Return to Etosha, Pt. 2


September is a good time for viewing Etosha's wildlife, as it is near the end of the dry season and the water sources for the animals are very limited. The few waterholes left are drawing in an enormous variety of different species.

Elephants often move to and from the waterholes on narrow, well-defined paths. You can therefore predict quite easily where they will cross a road – but you have to be sensible: they do not take kindly to you coming too close, especially in a moving vehicle.


We got very close to this black rhino, largely because it appeared to change its mind about the path it was going to take and headed straight for us. For a moment it seemed to consider head-butting our (stationary) vehicle, but fortunately it decided to leave things at a stern glance in our direction and trotted off into the bushes.


Black rhinos are a critically endangered species and it is estimated that there are only just over 5000 left in the wild. (Both white and black rhinos, incidentally, are grey. Various theories exist about the origin of these misleading terms, but there is no consensus.)

To get the most out of Etosha you really need your own vehicle.


Organised game drives are available, but you will, of course, not be able to control how long the driver remains at a particular location. We were happy to linger for long periods in some places, watching scenes such as the one below.


All the rest camps have waterholes close by and you can also simply sit on a bench watching the comings and goings. The next three photos were taken at the Okaukuejo rest camp, the largest and most central one – and, in my opinion, the one with the most attractive waterhole. Many animals seem to share my view.




At night the waterhole is lit, enabling you to see animals that do not usually come here during the day – such as these two rhinos.


The Halali camp, some 75km east of Okaukuejo, also has an attractive waterhole, where we watched a large group of elephants gathering at dusk. Unfortunately, Halali also has the worst food amongst the three rest camps we stayed at.


There is generally a lot of activity just before sunset. As we were about to return to the camp one evening, this lion appeared right next to our vehicle and stared at us.


Our fingers were nervously searching for the electric window shutters – until we realised that we had simply stopped at the point where he wanted to cross the road. He probably uses that path every day and did not want to alter his routine because of us. As soon as we had moved forward a couple of metres, he went to the other side and ignored us completely.


The following photo was also taken at sunset. I like the reflections in the water.


Hyenas are a surprisingly rare sight in the park. This one, however, just ambled along the road past us.


Smaller mammals are even harder to spot, because they can hide more easily. The one in the photo below is a slender mongoose.

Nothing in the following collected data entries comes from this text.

Lemma banded_interior_exterior {R : realType} (N m n : nat) (M : 'M[R]_(N * m))
    (t1 t2 : 'I_N) : (1 <= n)%N -> banded n M ->
  forall i j, i \in comps m (cyc_interior t1 t2) ->
  i \notin comps m (cyc_boundary n t1 t2) ->
  j \notin comps m (cyc_interior t1 t2) ->
  j \notin comps m (cyc_boundary n t1 t2) -> M i j = 0.
Proof.
move=> n_gt0 [_ M_band] i j; case/mxvec_indexP: i => t a; case/mxvec_indexP: j => s b.
rewrite !mem_comps !inE => t_in t_bd s_out s_bd; apply: M_band.
exact: (cyc_interior_exterior_far n_gt0 (ltn_ord t1) (ltn_ord t2) (ltn_ord t)
  (ltn_ord s) t_in t_bd s_out s_bd).
Qed.

Lemma invmx_relabel {R : fieldType} {K : nat} (A : 'M[R]_K) (s : 'I_K -> 'I_K) :
  injective s -> A \in unitmx -> (forall i j, A (s i) (s j) = A i j) ->
  forall i j, invmx A (s i) (s j) = invmx A i j.
Proof.
move=> s_inj A_unit As i j; pose B := \matrix_(i, j) invmx A (s i) (s j).
have BA : B *m A = 1%:M.
  apply/matrixP => i' j'; rewrite mxE.
  transitivity (\sum_l invmx A (s i') l * A l (s j')).
    rewrite [RHS](reindex_inj s_inj) /=.
    by apply: eq_bigr => l _; rewrite mxE As.
  move/matrixP/(_ (s i') (s j')): (mulVmx A_unit).
  by rewrite mxE => ->; rewrite !mxE (inj_eq s_inj).
have B_inv : B = invmx A by rewrite -[B]mulmx1 -(mulmxV A_unit) mulmxA BA mul1mx.
by move/matrixP/(_ i j): B_inv; rewrite mxE.
Qed.

Section block_circulant_inverse.
Context {R : realType} (N m : nat) (N_gt0 : (0 < N)%N).

Definition cyc_shift (k : nat) (t : 'I_N) : 'I_N := Ordinal (ltn_pmod (t + k) N_gt0).

Definition mxvec_shift (k : nat) (i : 'I_(N * m)) : 'I_(N * m) :=
  mxvec_index (cyc_shift k (mxvec_unindex i).1) (mxvec_unindex i).2.

Lemma mxvec_shiftE k t a : mxvec_shift k (mxvec_index t a) = mxvec_index (cyc_shift k t) a.
Proof. by rewrite /mxvec_shift mxvec_indexK. Qed.

Lemma mxvec_shift_inj k : injective (mxvec_shift k).
Proof.
move=> i j; case/mxvec_indexP: i => t a; case/mxvec_indexP: j => s b.
rewrite !mxvec_shiftE => /mxvec_index_inj [/(congr1 val) /= /eqP shift_eq ->].
suff -> : t = s by [].
by apply/val_inj/eqP; move: shift_eq; rewrite eqn_modDr !modn_small.
Qed.

Lemma block_circulant_shift (A : 'M[R]_(N * m)) k i j :
  block_circulant A -> A (mxvec_shift k i) (mxvec_shift k j) = A i j.
Proof.
move=> A_circ; case/mxvec_indexP: i => t a; case/mxvec_indexP: j => s b.
by rewrite !mxvec_shiftE; apply: A_circ; rewrite /= cyc_diff_shift.
Qed.

Lemma block_circulant_invmx (A : 'M[R]_(N * m)) :
  A \in unitmx -> block_circulant A -> block_circulant (invmx A).
Proof.
move=> A_unit A_circ t s t' s' a b diff_eq; pose k := (t' + N - t)%N.
have t'E : cyc_shift k t = t'.
  apply/val_inj => /=; rewrite /k.
  have -> : (t + (t' + N - t) = t' + N)%N by have := ltn_ord t; lia.
  by rewrite modnDr modn_small.
have s'E : cyc_shift k s = s'.
  apply/val_inj; rewrite /= /k.
  exact: (cyc_diff_eq_shift (ltn_ord t) (ltn_ord s) (ltn_ord t') (ltn_ord s') diff_eq).
rewrite -t'E -s'E -!mxvec_shiftE (invmx_relabel (@mxvec_shift_inj k) A_unit) //.
by move=> i j; apply: block_circulant_shift.
Qed.

End block_circulant_inverse.

Lemma row_mul_tr_row {R : pzRingType} p q r (X : 'M[R]_(p, q)) (Y : 'M[R]_q)
    (Z : 'M[R]_(r, q)) a b :
  (row a X *m Y *m (row b Z)^T) 0 0 = (X *m Y *m Z^T) a b.
Proof.
rewrite tr_row colE mulmxA -colE -!row_mul.
by rewrite [col _ _ _ _]mxE [row _ _ _ _]mxE.
Qed.

Section block_selection.
Context {R : realType} (N m : nat) (t : 'I_N).

Definition block_sel : 'M[R]_(m, N * m) := \matrix_(a, i) (i == mxvec_index t a)%:R.

Lemma block_sel_mul_tr : block_sel *m block_sel^T = 1%:M.
Proof.
apply/matrixP => a b; rewrite mxE (bigD1 (mxvec_index t a)) //= !mxE eqxx mul1r.
rewrite big1 ?addr0; first by rewrite (inj_eq (@mxvec_index_injr N m t)).
by move=> i /negbTE ia; rewrite !mxE ia mul0r.
Qed.

Lemma mul_block_sel_tr (x : 'rV[R]_(N * m)) a :
  (x *m block_sel^T) 0 a = x 0 (mxvec_index t a).
Proof.
rewrite mxE (bigD1 (mxvec_index t a)) //= !mxE eqxx mulr1 big1 ?addr0 //.
by move=> i /negbTE ia; rewrite !mxE ia mulr0.
Qed.

Lemma row_block_sel a : row a block_sel = delta_mx 0 (mxvec_index t a).
Proof. by apply/rowP => i; rewrite !mxE eqxx. Qed.

Lemma mul_block_sel_off (v : 'rV[R]_m) i :
  i \in comps m (~: [set t]) -> (v *m block_sel) 0 i = 0.
Proof.
case/mxvec_indexP: i => s b; rewrite mem_comps !inE => st.
rewrite mxE big1 // => a _; rewrite mxE.
case: eqP => [/mxvec_index_inj [ts _]|_]; last by rewrite mulr0.
by rewrite ts eqxx in st.
Qed.

Definition diag_block (M : 'M[R]_(N * m)) : 'M[R]_m := block_sel *m M *m block_sel^T.

Lemma diag_block_sym (M : 'M[R]_(N * m)) : M^T = M -> (diag_block M)^T = diag_block M.
Proof. by move=> M_sym; rewrite /diag_block !trmx_mul trmxK M_sym mulmxA. Qed.

Lemma diag_block_unitmx (M : 'M[R]_(N * m)) : sym_posdef M -> diag_block M \in unitmx.
Proof.
move=> M_pd; rewrite -row_free_unit; apply: inj_row_free => w w0.
have w_sel0 : w *m block_sel = 0.
  apply: (sym_posdef_supp_eq0 (S := comps m [set t]) M_pd).
    by move=> i i_out; apply: mul_block_sel_off; rewrite comps_setC inE.
  case/mxvec_indexP => s b; rewrite mem_comps inE => /eqP ->.
  by rewrite -mul_block_sel_tr -!mulmxA (mulmxA block_sel) -/(diag_block M) w0 mxE.
by rewrite -[w]mulmx1 -block_sel_mul_tr mulmxA w_sel0 mul0mx.
Qed.

End block_selection.

Section normalized_conjugate.
Context {d : measure_display} {T : measurableType d} {R : realType}
  (P : probability T R) (N m : nat) (e : 'I_(N * m) -> T -> R) (M : 'M[R]_(N * m)).
Hypothesis e_second_order : forall i, second_order P (e i).
Hypothesis cov_e : forall i j, cov P (e i) (e j) = M i j.
Hypothesis M_pd : sym_posdef M.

Etosha is home to several species of ground-dwelling birds, such as the Kori bustard below. They are generally shy and disappear quickly into the long grass, making it difficult to get a good photograph of one. (They are able to fly, incidentally.)


Hornbills are a bit easier in that respect, although they, too, tend to disappear before you have finished fiddling with your camera.


The common name of the bird in the next photo is (grey) Go-away bird – presumably because of the noise they make when approached. We saw quite a few of them in the grounds of the Namutoni rest camp (at the eastern end of the park) when we popped in for some refreshments.


You also see a variety of birds of prey. I cannot identify the one in the photo below with any certainty. At first I thought it was a young tawny eagle, but I am now more inclined to believe that it is a type of goshawk or shikra.


Springboks are good at jumping – but so are black-faced impalas, such as the one pictured below. My son took this shot.


The next one is also one of his. We witnessed some pretty vicious fights amongst zebras.


These young elephants, however, are just playing.


We felt sorry for these two elephants – they were obviously very exhausted, particularly the one on the right of the photo.


Some twenty minutes later they made it to the waterhole (and soon perked up).


We found it very interesting to watch the elephants' body language. This one started running and moving his head from side to side in obvious joy when he recognised some friends at the nearby waterhole.


Most giraffes were quite happy to have their photo taken. They are obviously used to cars moving through the park and know that they will stay on the road.


Lions seemed equally non-plussed by the presence of vehicles.


The last few shots were all taken at various waterholes in the eastern section of the park. The first one shows a group of kudus enjoying a drink.


Most other animals give elephants a wide berth. The giraffes in this photo are clearly wary of them. However, some of them came up to the water's edge soon afterwards.


There were literally hundreds of springboks (and half a dozen ostriches) at this waterhole.


Last year we only saw a few vultures. This time they seemed to be everywhere, and often in large groups.


To my mind giraffes often have a puzzled look on their faces. Here it was clearly our presence which intrigued them.


The photo above was amongst the last few we took before heading out of the park via the Von Lindequist gate (at the eastern end). It was a perfect ending to our week's journey through this amazing wilderness.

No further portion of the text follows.